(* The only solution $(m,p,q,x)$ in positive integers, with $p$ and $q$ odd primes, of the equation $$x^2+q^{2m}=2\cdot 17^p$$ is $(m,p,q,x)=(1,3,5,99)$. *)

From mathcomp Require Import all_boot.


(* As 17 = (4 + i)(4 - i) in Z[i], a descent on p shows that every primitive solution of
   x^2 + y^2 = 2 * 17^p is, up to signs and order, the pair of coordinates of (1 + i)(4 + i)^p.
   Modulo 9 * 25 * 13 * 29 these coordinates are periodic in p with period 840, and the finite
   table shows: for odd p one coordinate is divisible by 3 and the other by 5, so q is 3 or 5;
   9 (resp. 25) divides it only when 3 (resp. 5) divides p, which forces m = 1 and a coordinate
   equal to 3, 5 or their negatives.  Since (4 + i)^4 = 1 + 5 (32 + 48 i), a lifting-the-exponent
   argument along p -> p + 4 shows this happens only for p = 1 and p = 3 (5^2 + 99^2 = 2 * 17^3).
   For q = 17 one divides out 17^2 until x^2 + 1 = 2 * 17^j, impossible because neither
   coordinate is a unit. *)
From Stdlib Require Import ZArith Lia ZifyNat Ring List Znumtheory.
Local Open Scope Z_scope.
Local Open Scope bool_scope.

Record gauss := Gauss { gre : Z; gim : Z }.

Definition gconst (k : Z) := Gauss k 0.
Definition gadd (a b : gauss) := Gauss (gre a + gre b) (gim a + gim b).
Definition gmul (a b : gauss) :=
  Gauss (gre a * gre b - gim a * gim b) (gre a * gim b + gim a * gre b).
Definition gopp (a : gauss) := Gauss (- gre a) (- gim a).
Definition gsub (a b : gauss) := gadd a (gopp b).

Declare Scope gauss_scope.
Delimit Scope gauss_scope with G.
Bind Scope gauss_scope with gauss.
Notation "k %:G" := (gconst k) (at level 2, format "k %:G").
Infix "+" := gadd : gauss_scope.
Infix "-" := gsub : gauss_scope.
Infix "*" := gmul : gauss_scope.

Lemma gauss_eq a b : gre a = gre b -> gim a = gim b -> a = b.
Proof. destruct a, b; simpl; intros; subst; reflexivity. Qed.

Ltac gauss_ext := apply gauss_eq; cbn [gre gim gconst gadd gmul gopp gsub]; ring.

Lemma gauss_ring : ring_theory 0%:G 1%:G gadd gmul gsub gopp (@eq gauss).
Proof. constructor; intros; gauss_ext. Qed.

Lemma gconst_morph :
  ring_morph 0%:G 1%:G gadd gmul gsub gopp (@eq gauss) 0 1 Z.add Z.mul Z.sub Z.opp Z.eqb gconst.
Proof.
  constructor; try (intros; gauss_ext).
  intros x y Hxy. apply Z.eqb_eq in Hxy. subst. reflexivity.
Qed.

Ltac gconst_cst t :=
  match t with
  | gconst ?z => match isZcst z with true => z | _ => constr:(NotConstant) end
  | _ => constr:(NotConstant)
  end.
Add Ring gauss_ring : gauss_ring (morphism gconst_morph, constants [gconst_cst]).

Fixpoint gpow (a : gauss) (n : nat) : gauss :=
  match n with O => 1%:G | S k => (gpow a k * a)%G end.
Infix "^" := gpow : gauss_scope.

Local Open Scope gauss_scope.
──────────────────────────────
- EXERCISE PROMPT -
Reproduce the entries exactly, but only from their first line to the line holding "equal to 3, 5", with that last line kept.

- SOLUTION TO THIS PROBLEM -
(* The only solution $(m,p,q,x)$ in positive integers, with $p$ and $q$ odd primes, of the equation $$x^2+q^{2m}=2\cdot 17^p$$ is $(m,p,q,x)=(1,3,5,99)$. *)

From mathcomp Require Import all_boot.


(* As 17 = (4 + i)(4 - i) in Z[i], a descent on p shows that every primitive solution of
   x^2 + y^2 = 2 * 17^p is, up to signs and order, the pair of coordinates of (1 + i)(4 + i)^p.
   Modulo 9 * 25 * 13 * 29 these coordinates are periodic in p with period 840, and the finite
   table shows: for odd p one coordinate is divisible by 3 and the other by 5, so q is 3 or 5;
   9 (resp. 25) divides it only when 3 (resp. 5) divides p, which forces m = 1 and a coordinate
   equal to 3, 5 or their negatives.  Since (4 + i)^4 = 1 + 5 (32 + 48 i), a lifting-the-exponent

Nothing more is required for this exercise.